# what would you be in the warhammer 40000 universe?



## captain wood (Dec 4, 2010)

what would you be in the 40k univers a necron lord? a ork even a dameon? or a private in the imperial guard? if i was in nthe 40k universe i would be a chaplain in termanator armour  or a imperial guard sargent with chainsawed and las pistol or lasgun either way put up my bayonets and run head first into something that propbly wouldnt live XD


----------



## Abomination (Jul 6, 2008)

Now that I think about it, quite a few things I would be happy with:

- Grey Hunter
- Rune Priest
- Wolf Guard
- ThunderWolf
- Wolf Lord


----------



## captain wood (Dec 4, 2010)

basicly anything spacewolfs related


----------



## MidnightSun (Feb 10, 2009)

A Deff Dread... eat everything through a straw! AWESOME!

Midnight


----------



## the Autarch (Aug 23, 2009)

tank commander in IG. any kinda tank, im not fussy


----------



## Vrykolas2k (Jun 10, 2008)

Dark Eldar Archon.


----------



## angelXD19 (Feb 11, 2010)

one of these two

dark apostle for the word bearers ( cooler chaplains )

or

Grey knight Grandmaster


----------



## Doelago (Nov 29, 2009)

A Space Marine? If not that, then I would be an Inquisitor... And if not that, well then I would be an Imperial Priest... Basically anything/anyone that puts all his faith in the holy Emperor... I fight in his name, and no one will stand in His way...


----------



## Boc (Mar 19, 2010)

I'd probably be typing behind a cogitator until I died.

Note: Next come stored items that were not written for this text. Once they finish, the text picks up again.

(* Let $G$ be a connected weighted multigraph on the vertex set $V$, $|V|=n\ge2$, with positive edge weights, weighted adjacency matrix $A$ and Perron vector $p$. Let $p'=\sqrt n\,p/\|p\|_2$ and $P'=\operatorname{diag}p'$, and let $G'$ be the weighted graph on $V$ whose weighted adjacency matrix is $P'AP'$. Then for all $i,j\in V$, the long walk distance $d^{LW}(i,j)$ in $G$ equals the resistance distance between $i$ and $j$ in $G'$.
   Context: Loops and multiple edges are allowed; $A=(a_{ij})$ has $a_{ij}$ equal to the sum of weights of the edges joining $i$ and $j$. $\rho$ is the spectral radius of $A$ and the Perron vector $p$ is the positive eigenvector of $A$ for $\rho$ with entries summing to 1. The long walk distance is $d^{LW}(i,j)=\lim_{\alpha\to\infty}\theta\bigl(\tfrac12(\ln r_{ii}+\ln r_{jj})-\ln r_{ij}\bigr)$, where $(r_{ij})=(I-tA)^{-1}$, $t=(\rho+\alpha^{-1})^{-1}$, $\theta=\ln(e+\alpha^{2/n})\frac{\alpha-1}{\ln\alpha}$. For a graph with weighted adjacency matrix $B$, the Laplacian is $L=\operatorname{diag}(B\mathbf 1)-B$ and the resistance distance is $(e_i-e_j)^{\mathsf T}L^{+}(e_i-e_j)$, $L^+$ the Moore–Penrose inverse. *)

From HB Require Import structures.
From mathcomp Require Import all_boot all_order all_algebra.
From mathcomp Require Import all_classical all_reals all_analysis.
From mathcomp Require Import complex.
Set Implicit Arguments. Unset Strict Implicit. Unset Printing Implicit Defensive.
Import Order.TTheory GRing.Theory Num.Theory.
Local Open Scope ring_scope.
Local Open Scope complex_scope.

Section Defs.
Variable R : realType.

(* A is the weighted adjacency matrix of a weighted multigraph with positive
   edge weights (loops allowed): symmetric with nonnegative entries. *)
Definition weighted_adjacency (n : nat) (A : 'M[R]_n) : Prop :=
  A^T = A /\ (forall i j, 0 <= A i j).

Definition adj_rel (n : nat) (A : 'M[R]_n) : rel 'I_n :=
  fun i j => (i != j) && (0 < A i j).

Definition connected_graph (n : nat) (A : 'M[R]_n) : Prop :=
  forall i j : 'I_n, connect (adj_rel A) i j.

Definition is_spectral_radius (n : nat) (A : 'M[R]_n) (rho : R) : Prop :=
  (exists z : R[i], root (map_poly (fun x : R => x%:C) (char_poly A)) z
                    /\ `|z| = rho%:C)
  /\ (forall z : R[i], root (map_poly (fun x : R => x%:C) (char_poly A)) z ->
                       `|z| <= rho%:C).

Definition is_perron_vector (n : nat) (A : 'M[R]_n) (rho : R) (p : 'cV[R]_n)
  : Prop :=
  A *m p = rho *: p /\ (forall i, 0 < p i ord0) /\ \sum_i p i ord0 = 1.

Definition resolvent (n : nat) (A : 'M[R]_n) (rho alpha : R) : 'M[R]_n :=
  invmx (1%:M - (rho + alpha^-1)^-1 *: A).

Definition theta (n : nat) (alpha : R) : R :=
  ln (expR 1 + alpha `^ (2 / n%:R)) * ((alpha - 1) / ln alpha).

(* the expression whose limit as alpha -> +oo is the long walk distance *)
Definition lw_expr (n : nat) (A : 'M[R]_n) (rho : R) (i j : 'I_n) (alpha : R)
  : R :=
  let r := resolvent A rho alpha in
  theta n alpha * (2^-1 * (ln (r i i) + ln (r j j)) - ln (r i j)).

Definition is_moore_penrose (n : nat) (L X : 'M[R]_n) : Prop :=
  [/\ L *m X *m L = L, X *m L *m X = X, (L *m X)^T = L *m X
    & (X *m L)^T = X *m L].

Definition mp_inverse (n : nat) (L : 'M[R]_n) : 'M[R]_n :=
  xget 0 [set X | is_moore_penrose L X].

Definition laplacian (n : nat) (B : 'M[R]_n) : 'M[R]_n :=
  diag_mx (\row_i \sum_j B i j) - B.

Definition resistance_distance (n : nat) (B : 'M[R]_n) (i j : 'I_n) : R :=
  let e := (delta_mx i ord0 - delta_mx j ord0 : 'cV[R]_n) in
  (e^T *m mp_inverse (laplacian B) *m e) ord0 ord0.

Definition normalized_perron (n : nat) (p : 'cV[R]_n) : 'cV[R]_n :=
  (Num.sqrt n%:R / Num.sqrt (\sum_i p i ord0 ^+ 2)) *: p.

Definition reweighted_adjacency (n : nat) (A : 'M[R]_n) (p : 'cV[R]_n)
  : 'M[R]_n :=
  let P' := diag_mx (normalized_perron p)^T in P' *m A *m P'.

End Defs.

(* With K := rho I - A, eps := 1/alpha and t = (rho + eps)^-1, the resolvent is
   (I - t A)^-1 = (rho + eps) (K + eps I)^-1.  K is positive semidefinite with
   kernel spanned by p (connectivity), so (K + eps I)^-1 = p p^T / (eps |p|^2) + G
   + O(eps), where G is the group inverse of K.  Hence
   ln r_kl = c(eps) + ln p_k + ln p_l + eps |p|^2 G_kl / (p_k p_l) + O(eps^2);
   the first three terms cancel in (ln r_ii + ln r_jj) / 2 - ln r_ij, and as
   theta(alpha) ~ 2 alpha / n the long walk distance is
   |p|^2 / n * (g_ii + g_jj - 2 g_ij) with g_kl = G_kl / (p_k p_l).
   On the other side, with D := diag p the Laplacian of G' is (n / |p|^2) D K D,
   and (|p|^2 / n) C D^-1 G D^-1 C, C the centering projector, is its
   Moore-Penrose inverse; this gives the same value for the resistance. *)

From mathcomp Require Import all_boot all_order all_algebra.
From mathcomp Require Import all_classical all_reals all_analysis.
From mathcomp Require Import ring lra.
Import Order.TTheory GRing.Theory Num.Theory numFieldNormedType.Exports.
Set Implicit Arguments. Unset Strict Implicit. Unset Printing Implicit Defensive.
Local Open Scope classical_set_scope.
Local Open Scope ring_scope.

(** * Asymptotics of logarithms *)

Section Logarithms.
Variable R : realType.
Implicit Types (a f h : R -> R) (l C x : R).

Lemma ln1Dx_sub_le x : `|x| <= 2^-1 -> `|ln (1 + x) - x| <= 2 * x ^+ 2.
Proof.
rewrite ler_norml => /andP [hx1 hx2]; have p1 : 0 < 1 + x by lra.
have up : ln (1 + x) <= x by apply: le_ln1Dx; lra.
have lo : x / (1 + x) <= ln (1 + x).
  have h : -1 < (1 + x)^-1 - 1 by rewrite ltrBrDr addNr invr_gt0.
  have := le_ln1Dx h; rewrite addrC subrK lnV ?posrE //.
  have -> : (1 + x)^-1 - 1 = - (x / (1 + x)) by field; rewrite gt_eqF.
  lra.
have : x - x / (1 + x) <= 2 * x ^+ 2.
  have -> : x - x / (1 + x) = x ^+ 2 / (1 + x) by field; rewrite gt_eqF.
  rewrite ler_pdivrMr //; nra.
rewrite ler0_norm ?subr_le0 //; lra.
Qed.

Lemma ln_ratio_cancel (c a b u v w : R) :
  0 < c -> 0 < a -> 0 < b -> 0 < u -> 0 < v -> 0 < w ->
  2^-1 * (ln (c * a * a * u) + ln (c * b * b * v)) - ln (c * a * b * w) =
  2^-1 * (ln u + ln v) - ln w.
Proof.
move=> c0 a0 b0 u0 v0 w0.
have lnM4 x y z t : 0 < x -> 0 < y -> 0 < z -> 0 < t ->
    ln (x * y * z * t) = ln x + ln y + ln z + ln t.
  by move=> *; rewrite !lnM ?posrE ?mulr_gt0.
by rewrite !lnM4 //; field.
Qed.

Lemma ln_cvgy : @ln R x @[x --> +oo] --> +oo.
Proof.
apply/cvgryPge => M; near=> x.
rewrite -ler_expR lnK ?posrE; last by near: x; apply: nbhs_pinfty_gt.
by apply: ltW; near: x; apply: nbhs_pinfty_gt; exact: num_real.
Unshelve. all: end_near. Qed.

Lemma cvgr_dist_le_div h f l C : h x @[x --> +oo] --> +oo ->
  (\forall x \near +oo, `|f x - l| <= C / h x) -> f x @[x --> +oo] --> l.
Proof.
move=> hy fh.
have h0 : \forall x \near +oo, 0 < h x by move/cvgryPgt : hy; apply.
have Ch : (fun x => C * (h x)^-1) @ +oo --> 0.
  rewrite -(mulr0 C); apply: cvgMr.
  exact/(gtr0_cvgV0 h0).
apply: (@squeeze_cvgr _ _ _ _ (fun x => l - C / h x) (fun x => l + C / h x)).
- by apply: filterS fh => x; rewrite -ler_distl distrC.
- by rewrite -[l in _ --> l]subr0; apply: cvgB => //; exact: cvg_cst.
- by rewrite -[l in _ --> l]addr0; apply: cvgD => //; exact: cvg_cst.
Unshelve. all: end_near. Qed.

Lemma near_ln1D_div_gt0 a l : a x @[x --> +oo] --> l ->
  \forall x \near +oo, 0 < 1 + a x / x.
Proof.
move=> ha; near=> x.
have x0 : 0 < x by near: x; apply: nbhs_pinfty_gt.
have aB : `|a x| <= `|l| + 1 by near: x; apply: cvgr_norm_le _ ha _ _; rewrite ltrDl.
have Bx : `|l| + 1 < x by near: x; apply: nbhs_pinfty_gt; exact: num_real.
rewrite ler_norml in aB; rewrite -ltrBlDl sub0r ltr_pdivlMr //; lra.
Unshelve. all: end_near. Qed.

Lemma cvg_mulx_ln1D_div a l : a x @[x --> +oo] --> l ->
  (x * ln (1 + a x / x)) @[x --> +oo] --> l.
Proof.
move=> ha; set B := `|l| + 1.
suff: (fun x => x * ln (1 + a x / x) - a x) @ +oo --> 0.
  by move=> h0; apply: cvg_sub0 ha; apply: h0.
apply: (@cvgr_dist_le_div id _ _ (2 * B ^+ 2)); first exact: cvg_id.
near=> x.
have x0 : 0 < x by near: x; apply: nbhs_pinfty_gt.
have aB : `|a x| <= B by near: x; apply: cvgr_norm_le _ ha _ _; rewrite ltrDl.
have Bx : 2 * B <= x by apply: ltW; near: x; apply: nbhs_pinfty_gt; exact: num_real.
have y_le : `|a x / x| <= 2^-1.
  rewrite normrM normfV (gtr0_norm x0) ler_pdivrMr //; lra.
have xy : x * (a x / x) = a x by rewrite mulrC divfK // gt_eqF.
rewrite /= subr0 -{2}xy -mulrBr normrM (gtr0_norm x0).
apply: le_trans (ler_wpM2l (ltW x0) (ln1Dx_sub_le y_le)) _.
have -> : x * (2 * (a x / x) ^+ 2) = 2 * a x ^+ 2 / x by field; rewrite gt_eqF.
rewrite ler_pM2r ?invr_gt0 // ler_pM2l //; rewrite ler_norml in aB; nra.
Unshelve. all: end_near. Qed.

Nah, Imperial Guard Artillery commander... oh wait...


----------



## Tyrannus (Sep 19, 2010)

Khorne Bezerker/Warlord. Life would be so simple.
Hack, Hack, Hack, Hack, Hack, Hack, Hack; I can be a Daemon Prince now? AWESOME.


----------



## jimbob1254 (Apr 22, 2009)

I have decided that it would be epic and funny to be a squig 
Seriously though i would love to be a libby or a chaos sorcerer 

Jimbob


----------



## search116 (Aug 9, 2010)

most of us would probably be guardsmen but I would be happy as a farmer on a paradise planet.


----------



## Daniel Harper (May 25, 2008)

Be drafted into the Guard, then I'd either be a driver or loader of a mighty Leman Russ. My devotion to the Immortal Emperor shall shine from the barrels of its guns.


----------



## DestroyerHive (Dec 22, 2009)

Jeff Juggs :biggrin:. If you don't get the reference, don't comment.


----------



## coke123 (Sep 4, 2010)

search116 said:


> most of us would probably be guardsmen but I would be happy as a farmer on a paradise planet.


Yeah, this was my initial thought too. In order, I would be:

1) The Emperor, pre heresy- cause hindsight is 20/20, isn't it? I assume I retain all my current knowledge, so I'll just give Horus a colossal kick in the nuts before he vegetates me.

2) Yeah, a horticulturalist. I'm not that in to fighting.

3) Grey Knight Grandmaster- Cause if I've gotta fight, i might as well be the biggest badass in town

4) An Eldar Pathfinder/Ranger- I like to travel

5) A Tau Shas'O/Shas'vre? One of the battlesuit commanders. Cause gundams are kewl!


----------



## Oly1987 (Aug 14, 2010)

*for the emperor!*

I'd deffinately have to say a Vindicare Assassin. The pinnicle of sharp shooting


----------



## kharn-the-betrayer (Jul 16, 2010)

Khorne Berserker or Space Wolf Blood Claw, can't decide.


----------



## darknightdrako (Mar 26, 2010)

The Hive Mind...
or
A Warsmith and threaten my dark adept to reverse engineer some imperial/xeno tech.


----------



## gundamboy195 (Aug 17, 2010)

For me? probably a Commissar.


----------



## Bhaal006 (Apr 11, 2010)

Librarian, for the LAZORZ!1!11!!


----------



## Oly1987 (Aug 14, 2010)

actually if not a vindicare a space marine apothercary


----------



## search116 (Aug 9, 2010)

lol being a apothecary would suck, you would be operation on lower intestines and trust me you will have brown stains on your clean white armor.


----------



## Marshal Ragnar (Sep 5, 2010)

A Black Templar Marshal. They are totally bad ass. Or even an Emperors Champian.


----------



## Immortal Lord (Oct 22, 2010)

necron lord by a long shot, just need to make sure i gots ma orb and a phalactery and im good


----------



## Arkeoptrix (Oct 8, 2010)

My luck I'd probably end up as a servitor. However I'd dig being a member of the Arbites.


----------



## Flindo (Oct 30, 2010)

I would be a venrable dreadnought pilot


----------



## XxDreMisterxX (Dec 23, 2009)

I would be a Daemon Prince. Immortal and can kick some serious @$$ whenever i want to? YES plz!! 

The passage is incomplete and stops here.